## Task statement
Once the line containing "by rewrite -e1;" is found in the entries below, reproduce it and every line after it, stopping at and including the line containing "have avg_u : - c <= \sum_t q t * u t."; reproduce nothing else, and keep each line exact.

Stored items:
(* For $P\in\mathcal P(\mathcal X)$, $\Delta\ge0$ and $E\ge0$, the inverse of Blahut's exponent, $R_{\rm B}(E\mid\Delta,P):=\sup\{R\in[0,R_{\max}(\Delta)]: E_{\rm B}(R\mid\Delta,P)\le E\}$, satisfies $$R_{\rm B}(E\mid\Delta,P)=\inf_{\mu\ge0}\ \sup_{\nu\ge0}\Big[\mu E-\nu\Delta+\min_{p_Y\in\mathcal P(\mathcal Y)}G^{(\mu,\nu)}(p_Y\mid P)\Big].$$
   Context: $\mathcal X,\mathcal Y$ finite nonempty sets; $\mathcal P(\cdot)$ probability distributions. Distortion measure $d:\mathcal X\times\mathcal Y\to[0,\infty)$ with $\max_x\min_y d(x,y)=0$. Natural logs. $R(\Delta\mid q)$ is the rate-distortion function $\min\{I(q,V): \sum_{x,y}q(x)V(y|x)d(x,y)\le\Delta\}$ and $R_{\max}(\Delta)=\max_q R(\Delta\mid q)$. Blahut's exponent: $E_{\rm B}(R\mid\Delta,P)=\sup_{\rho\ge0}\Big[\rho R+\inf_{\nu\ge0}\Big\{\rho\nu\Delta-\min_{p_Y\in\mathcal P(\mathcal Y)}\log\sum_{x}P(x)\big(\sum_y p_Y(y)e^{-\nu d(x,y)}\big)^{-\rho}\Big\}\Big]$. For $\mu,\nu\ge0$: $G^{(\mu,\nu)}(p_Y\mid P)=\mu\log\sum_x P(x)\big(\sum_y p_Y(y)e^{-\nu d(x,y)}\big)^{-1/\mu}$ if $\mu>0$, and $G^{(0,\nu)}(p_Y\mid P)=-\log\min_{x}\sum_y p_Y(y)e^{-\nu d(x,y)}$. *)

From HB Require Import structures.
From mathcomp Require Import all_boot all_order all_algebra.
From mathcomp Require Import all_classical all_reals all_analysis.
Set Implicit Arguments. Unset Strict Implicit. Unset Printing Implicit Defensive.
Import Order.TTheory GRing.Theory Num.Theory.
Local Open Scope classical_set_scope.
Local Open Scope ring_scope.

Section RD.
Variables (R : realType) (X Y : finType).

Definition is_pmf (T : finType) (p : T -> R) : Prop :=
  (forall t, 0 <= p t) /\ \sum_(t : T) p t = 1.

(* stochastic matrix (channel) V(y|x) = V x y *)
Definition is_channel (V : X -> Y -> R) : Prop := forall x, is_pmf (V x).

Definition outdist (q : X -> R) (V : X -> Y -> R) (y : Y) : R :=
  \sum_(x : X) q x * V x y.

Definition mutinf (q : X -> R) (V : X -> Y -> R) : R :=
  \sum_(x : X) \sum_(y : Y)
    (if q x * V x y == 0 then 0
     else q x * V x y * ln (V x y / outdist q V y)).

Definition expdist (d : X -> Y -> R) (q : X -> R) (V : X -> Y -> R) : R :=
  \sum_(x : X) \sum_(y : Y) q x * V x y * d x y.

(* rate-distortion function R(Delta | q) (the min, as an infimum) *)
Definition RDfun (d : X -> Y -> R) (Delta : R) (q : X -> R) : \bar R :=
  ereal_inf [set (mutinf q V)%:E | V in
               [set V | is_channel V /\ expdist d q V <= Delta]].

Definition Rmax (d : X -> Y -> R) (Delta : R) : \bar R :=
  ereal_sup [set RDfun d Delta q | q in [set q | is_pmf q]].

Definition tilt (d : X -> Y -> R) (nu : R) (pY : Y -> R) (x : X) : R :=
  \sum_(y : Y) pY y * expR (- (nu * d x y)).

Definition EB (d : X -> Y -> R) (Rr Delta : R) (P : X -> R) : \bar R :=
  ereal_sup [set ((rho * Rr)%:E +
     ereal_inf [set ((rho * nu * Delta)%:E -
        ereal_inf [set (ln (\sum_(x : X) P x * (tilt d nu pY x) `^ (- rho)))%:E
                  | pY in [set pY | is_pmf pY]])%E
               | nu in [set nu : R | (0 <= nu)%R]])%E
   | rho in [set rho : R | (0 <= rho)%R]].

Definition RB (d : X -> Y -> R) (E Delta : R) (P : X -> R) : \bar R :=
  ereal_sup [set Rr%:E | Rr in
     [set Rr : R | 0 <= Rr /\ (Rr%:E <= Rmax d Delta)%E /\ (EB d Rr Delta P <= E%:E)%E]].

Definition Gfun (d : X -> Y -> R) (mu nu : R) (pY : Y -> R) (P : X -> R) : R :=
  if 0 < mu then
    mu * ln (\sum_(x : X) P x * (tilt d nu pY x) `^ (- (1 / mu)))
  else
    - ln (fine (ereal_inf [set (tilt d nu pY x)%:E | x in [set: X]])).

Definition RBdual (d : X -> Y -> R) (E Delta : R) (P : X -> R) : \bar R :=
  ereal_inf [set
     ereal_sup [set ((mu * E - nu * Delta)%:E +
          ereal_inf [set (Gfun d mu nu pY P)%:E | pY in [set pY | is_pmf pY]])%E
       | nu in [set nu : R | (0 <= nu)%R]]
   | mu in [set mu : R | (0 <= mu)%R]].

End RD.

(* Both sides equal D := inf_{mu > 0} F(mu), where F(mu) is the supremum over nu in the
   bracket.  On the dual side F(mu) <= mu E + F(0), so the term mu = 0 does not lower the
   infimum.  On the primal side G^(mu,nu) = mu L(1/mu, nu), with L the log-moment occurring in
   Blahut's exponent, and the substitution rho = 1/mu shows that E_B(R) <= E exactly when R <= D;
   hence R_B(E) = sup ([0, R_max(Delta)] ∩ [0, D]) and it remains to see D <= F(0) <= R_max(Delta).
   Since p |-> -ln sum_y p(y) e^{-nu d(x,y)} is convex, an approximate minimax theorem replaces
   min_p max_x of it by max_q min_p of its q-average, and weak duality for the rate-distortion
   problem of the source q bounds that average, minus nu Delta, by R(Delta | q). *)

From HB Require Import structures.
From mathcomp Require Import all_boot all_order all_algebra.
From mathcomp Require Import all_classical all_reals all_analysis.
From mathcomp Require Import ring lra.
Set Implicit Arguments.
Unset Strict Implicit.
Unset Printing Implicit Defensive.
Import Order.TTheory GRing.Theory Num.Theory.
Local Open Scope classical_set_scope.
Local Open Scope ring_scope.

Section RealFacts.
Context {R : realType}.
Implicit Types a b s u v w z : R.

Lemma ln_le_subr1 z : 0 < z -> ln z <= z - 1.
Proof. by move=> z0; have := @le_ln1Dx _ (z - 1); rewrite [1 + _]addrC subrK; apply; lra. Qed.

Lemma subr_le_mul_ln_div v w : 0 <= v -> 0 < w -> v - w <= v * ln (v / w).
Proof.
move=> v0 w0; have [->|vn0] := eqVneq v 0; first by rewrite mul0r sub0r oppr_le0 ltW.
have {v0 vn0}v0 : 0 < v by rewrite lt_neqAle eq_sym vn0.
have := ler_wpM2l (ltW v0) (ln_le_subr1 (divr_gt0 w0 v0)).
have -> : ln (w / v) = - ln (v / w) by rewrite -lnV ?posrE ?divr_gt0 // invf_div.
have -> : v * (w / v - 1) = w - v by field; exact: lt0r_neq0.
lra.
Qed.

Lemma ln_concave a b s : 0 < a -> 0 < b -> 0 <= s <= 1 ->
  (1 - s) * ln a + s * ln b <= ln ((1 - s) * a + s * b).
Proof.
move=> a0 b0 /andP[s0 s1].
by have := concave_ln (Itv01 s0 s1) b0 a0; rewrite !convRE /= addrC [X in _ <= ln X]addrC.
Qed.

Lemma expR_le_quad u : u <= 1 / 2 -> expR u <= 1 + u + 2 * u ^+ 2.
Proof.
move=> hu; have e1 : expR u * expR (- u) = 1 by rewrite -expRD subrr expR0.
have : expR u * (1 - u) <= 1.
  by rewrite -e1; apply: ler_wpM2l; [exact: ltW (expR_gt0 u)|have := expR_ge1Dx (- u); lra].
have : 1 <= (1 - u) * (1 + u + 2 * u ^+ 2).
  have : 0 <= u ^+ 2 * (1 - 2 * u) by apply: mulr_ge0; [exact: sqr_ge0|lra].
  rewrite expr2; nra.
have := expR_gt0 u; nra.
Qed.

Lemma powRN_ge1 a rho : 0 < a -> a <= 1 -> 0 <= rho -> 1 <= a `^ (- rho).
Proof.
move=> a0 a1 rho0; rewrite /powR gt_eqF // -expR0 ler_expR mulNr oppr_ge0.
by rewrite mulr_ge0_le0 // ln_le0.
Qed.

End RealFacts.

Section Pmf.
Context {R : realType} {T : finType}.
Implicit Types (p q : T -> R) (f u : T -> R).

Lemma pmf_mix p q s : is_pmf p -> is_pmf q -> 0 <= s <= 1 ->
  is_pmf (fun t => (1 - s) * p t + s * q t).
Proof.
move=> [p0 p1] [q0 q1] /andP[s0 s1]; split.
  by move=> t; apply: addr_ge0; apply: mulr_ge0 => //; lra.
by rewrite big_split /= -!mulr_sumr p1 q1; ring.
Qed.

Lemma ler_term_sum f t0 : (forall t, 0 <= f t) -> f t0 <= \sum_t f t.
Proof. by move=> f0; rewrite (bigD1 t0) //= lerDl; apply: sumr_ge0. Qed.

Lemma sumr_gt0 f (t0 : T) : (forall t, 0 < f t) -> 0 < \sum_t f t.
Proof. by move=> f0; apply: (lt_le_trans (f0 t0)); apply: ler_term_sum => t; exact: ltW. Qed.

Lemma ln_avg_expR_le q u c : is_pmf q -> (forall t, `|u t| <= c) -> c <= 1 / 2 ->
  ln (\sum_t q t * expR (u t)) <= \sum_t q t * u t + 2 * c ^+ 2.
Proof.
move=> [q0 q1] hu c12.
have avg_le : \sum_t q t * expR (u t) <= 1 + (\sum_t q t * u t + 2 * c ^+ 2).
  have -> : 1 + (\sum_t q t * u t + 2 * c ^+ 2) =
            \sum_t q t * (1 + u t + 2 * c ^+ 2).
    rewrite [RHS](eq_bigr (fun t => q t + q t * u t + 2 * c ^+ 2 * q t)); last by move=> t _; ring.
    by rewrite !big_split /= -mulr_sumr q1 mulr1 addrA.
  apply: ler_sum => t _; apply: ler_wpM2l => //.
  have /ler_normlP[uc cu] := hu t.
  apply: le_trans (expR_le_quad _) _; first lra.
  rewrite lerD2l ler_wpM2l // !expr2; nra.
have avg_ge : 1 + \sum_t q t * u t <= \sum_t q t * expR (u t).
  rewrite -q1 -big_split /=; apply: ler_sum => t _.
  have := ler_wpM2l (q0 t) (expR_ge1Dx (u t)); lra.
have avg_u : - c <= \sum_t q t * u t.
  apply: le_trans (_ : \sum_t q t * (- c) <= _); first by rewrite -mulr_suml q1 mul1r.
  by apply: ler_sum => t _; have /ler_normlP[uc _] := hu t; apply: ler_wpM2l => //; lra.
have avg_gt0 : 0 < \sum_t q t * expR (u t).
  by apply: lt_le_trans avg_ge; lra.
have := ln_le_subr1 avg_gt0; lra.
Qed.

End Pmf.

Section RealInf.
Context {R : realType} {T : Type}.
Variables (A : set T) (f : T -> R).

(* [fine] sends an infinite infimum to 0, hence the point of [A] and the lower bound
   assumed below. *)
Definition rinf : R := fine (ereal_inf [set (f x)%:E | x in A]).

Lemma ereal_inf_fin_num a b : A a -> (forall x, A x -> b <= f x) ->
  ereal_inf [set (f x)%:E | x in A] \is a fin_num.
Proof.
move=> Aa fb; rewrite fin_numE gt_eqF ?lt_eqF //.
  by apply: le_lt_trans (ltry (f a)); apply: ereal_inf_lbound; exists a.
apply: lt_le_trans (ltNyr b) _.
by apply: le_ereal_inf_tmp => _ [x Ax <-]; rewrite lee_fin; exact: fb.
Qed.

Lemma rinfE a b : A a -> (forall x, A x -> b <= f x) ->
  ereal_inf [set (f x)%:E | x in A] = rinf%:E.
Proof. by move=> Aa fb; rewrite /rinf fineK //; exact: ereal_inf_fin_num Aa fb. Qed.

Lemma rinf_le b x : (forall x, A x -> b <= f x) -> A x -> rinf <= f x.
Proof.
by move=> fb Ax; rewrite -lee_fin -(rinfE Ax fb); apply: ereal_inf_lbound; exists x.
Qed.

Lemma rinf_glb a c : A a -> (forall x, A x -> c <= f x) -> c <= rinf.
Proof.
move=> Aa fc; rewrite -lee_fin -(rinfE Aa fc).
by apply: le_ereal_inf_tmp => _ [x Ax <-]; rewrite lee_fin; exact: fc.
Qed.

End RealInf.

Lemma rinfZ {R : realType} {T : Type} (A : set T) (f : T -> R) (k : R) (a : T) (b : R) :
  0 < k -> A a -> (forall x, A x -> b <= f x) ->
  rinf A (fun x => k * f x) = k * rinf A f.
Proof.
move=> k0 Aa fb; have kfb x : A x -> k * b <= k * f x by move=> Ax; rewrite ler_pM2l // fb.
apply/eqP; rewrite eq_le; apply/andP; split.
  rewrite -ler_pdivrMl //; apply: rinf_glb Aa _ => x Ax.
  by rewrite ler_pdivrMl //; exact: rinf_le kfb Ax.
by apply: rinf_glb Aa _ => x Ax; rewrite ler_pM2l //; exact: rinf_le fb Ax.
Qed.

(* Witnesses: with e1 := min e 1, t := e1 / (3 (n + 1)) and s := t e1 / (12 (B + 1)^2). *)
Lemma minimax_step_sizes {R : realType} (B n e : R) : 0 <= B -> 0 <= n -> 0 < e ->
  exists t s, [/\ 0 < t, t * n <= e / 3, 0 < s <= 1, s * B <= t / 2 &
                  2 * (s * B) ^+ 2 / t <= s * e / 6].
Proof.
move=> B0 n0 e0; set e1 := Num.min e 1.
have e1_gt0 : 0 < e1 by rewrite lt_min e0 ltr01.
have e1_le1 : e1 <= 1 by rewrite ge_min lexx orbT.
have e1_le : e1 <= e by rewrite ge_min lexx.
set t := e1 / (3 * (n + 1)); set K := (B + 1) ^+ 2; set s := t * e1 / (12 * K).
have t_gt0 : 0 < t by rewrite divr_gt0 //; lra.
have ht : 3 * (t * n) + 3 * t = e1 by rewrite /t; field; apply: lt0r_neq0; lra.
have tn0 : 0 <= t * n by rewrite mulr_ge0 // ltW.
have te1 : t * e1 <= 1 / 3 by apply: le_trans (_ : t * 1 <= _); [rewrite ler_pM2l|]; lra.
have K1 : 1 <= K by rewrite /K expr2; nra.
have BK : B ^+ 2 <= K by rewrite /K !expr2; nra.
have s_gt0 : 0 < s by apply: divr_gt0; [exact: mulr_gt0|lra].
have hs : s * (12 * K) = t * e1 by rewrite divfK //; apply: lt0r_neq0; lra.
exists t, s; split=> //; first lra.
- by apply/andP; split=> //; nra.
- have : s * (B + 1) <= s * K by rewrite ler_pM2l // /K expr2; nra.
  nra.
- rewrite ler_pdivrMr // !expr2.
  have : s * s * (B * B) <= s * s * K by apply: ler_wpM2l; [nra|rewrite -expr2].
  have : s * t * e1 <= s * t * e by apply: ler_wpM2l => //; nra.
  nra.
Qed.

Lemma approx_argmin {R : realType} {T : Type} (A : set T) (f : T -> R) (a : T) (b eta : R) :
  A a -> (forall x, A x -> b <= f x) -> 0 < eta ->
  exists2 x, A x & forall y, A y -> f x <= f y + eta.
Proof.
move=> Aa fb eta0; set m := ereal_inf [set (f x)%:E | x in A].
have m_fin : m \is a fin_num := ereal_inf_fin_num Aa fb.
have [_ [x Ax <-] fx_lt] := lb_ereal_inf_adherent eta0 m_fin.
exists x => // y Ay; rewrite -lee_fin EFinD; apply: le_trans (ltW fx_lt) _.
by rewrite leeD2r //; apply: ereal_inf_lbound; exists y.
Qed.

Section ApproxMinimax.
Context {R : realType} {X Y : finType}.
Variables (phi : X -> (Y -> R) -> R) (B : R) (x0 : X).
Hypothesis phi_bound : forall x p, is_pmf p -> 0 <= phi x p <= B.
Hypothesis phi_convex : forall x p p' s, is_pmf p -> is_pmf p' -> 0 <= s <= 1 ->
  phi x (fun y => (1 - s) * p y + s * p' y) <= (1 - s) * phi x p + s * phi x p'.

## Answer below
  by rewrite -e1; apply: ler_wpM2l; [exact: ltW (expR_gt0 u)|have := expR_ge1Dx (- u); lra].
have : 1 <= (1 - u) * (1 + u + 2 * u ^+ 2).
  have : 0 <= u ^+ 2 * (1 - 2 * u) by apply: mulr_ge0; [exact: sqr_ge0|lra].
  rewrite expr2; nra.
have := expR_gt0 u; nra.
Qed.

Lemma powRN_ge1 a rho : 0 < a -> a <= 1 -> 0 <= rho -> 1 <= a `^ (- rho).
Proof.
move=> a0 a1 rho0; rewrite /powR gt_eqF // -expR0 ler_expR mulNr oppr_ge0.
by rewrite mulr_ge0_le0 // ln_le0.
Qed.

End RealFacts.

Section Pmf.
Context {R : realType} {T : finType}.
Implicit Types (p q : T -> R) (f u : T -> R).

Lemma pmf_mix p q s : is_pmf p -> is_pmf q -> 0 <= s <= 1 ->
  is_pmf (fun t => (1 - s) * p t + s * q t).
Proof.
move=> [p0 p1] [q0 q1] /andP[s0 s1]; split.
  by move=> t; apply: addr_ge0; apply: mulr_ge0 => //; lra.
by rewrite big_split /= -!mulr_sumr p1 q1; ring.
Qed.

Lemma ler_term_sum f t0 : (forall t, 0 <= f t) -> f t0 <= \sum_t f t.
Proof. by move=> f0; rewrite (bigD1 t0) //= lerDl; apply: sumr_ge0. Qed.

Lemma sumr_gt0 f (t0 : T) : (forall t, 0 < f t) -> 0 < \sum_t f t.
Proof. by move=> f0; apply: (lt_le_trans (f0 t0)); apply: ler_term_sum => t; exact: ltW. Qed.

Lemma ln_avg_expR_le q u c : is_pmf q -> (forall t, `|u t| <= c) -> c <= 1 / 2 ->
  ln (\sum_t q t * expR (u t)) <= \sum_t q t * u t + 2 * c ^+ 2.
Proof.
move=> [q0 q1] hu c12.
have avg_le : \sum_t q t * expR (u t) <= 1 + (\sum_t q t * u t + 2 * c ^+ 2).
  have -> : 1 + (\sum_t q t * u t + 2 * c ^+ 2) =
            \sum_t q t * (1 + u t + 2 * c ^+ 2).
    rewrite [RHS](eq_bigr (fun t => q t + q t * u t + 2 * c ^+ 2 * q t)); last by move=> t _; ring.
    by rewrite !big_split /= -mulr_sumr q1 mulr1 addrA.
  apply: ler_sum => t _; apply: ler_wpM2l => //.
  have /ler_normlP[uc cu] := hu t.
  apply: le_trans (expR_le_quad _) _; first lra.
  rewrite lerD2l ler_wpM2l // !expr2; nra.
have avg_ge : 1 + \sum_t q t * u t <= \sum_t q t * expR (u t).
  rewrite -q1 -big_split /=; apply: ler_sum => t _.
  have := ler_wpM2l (q0 t) (expR_ge1Dx (u t)); lra.
have avg_u : - c <= \sum_t q t * u t.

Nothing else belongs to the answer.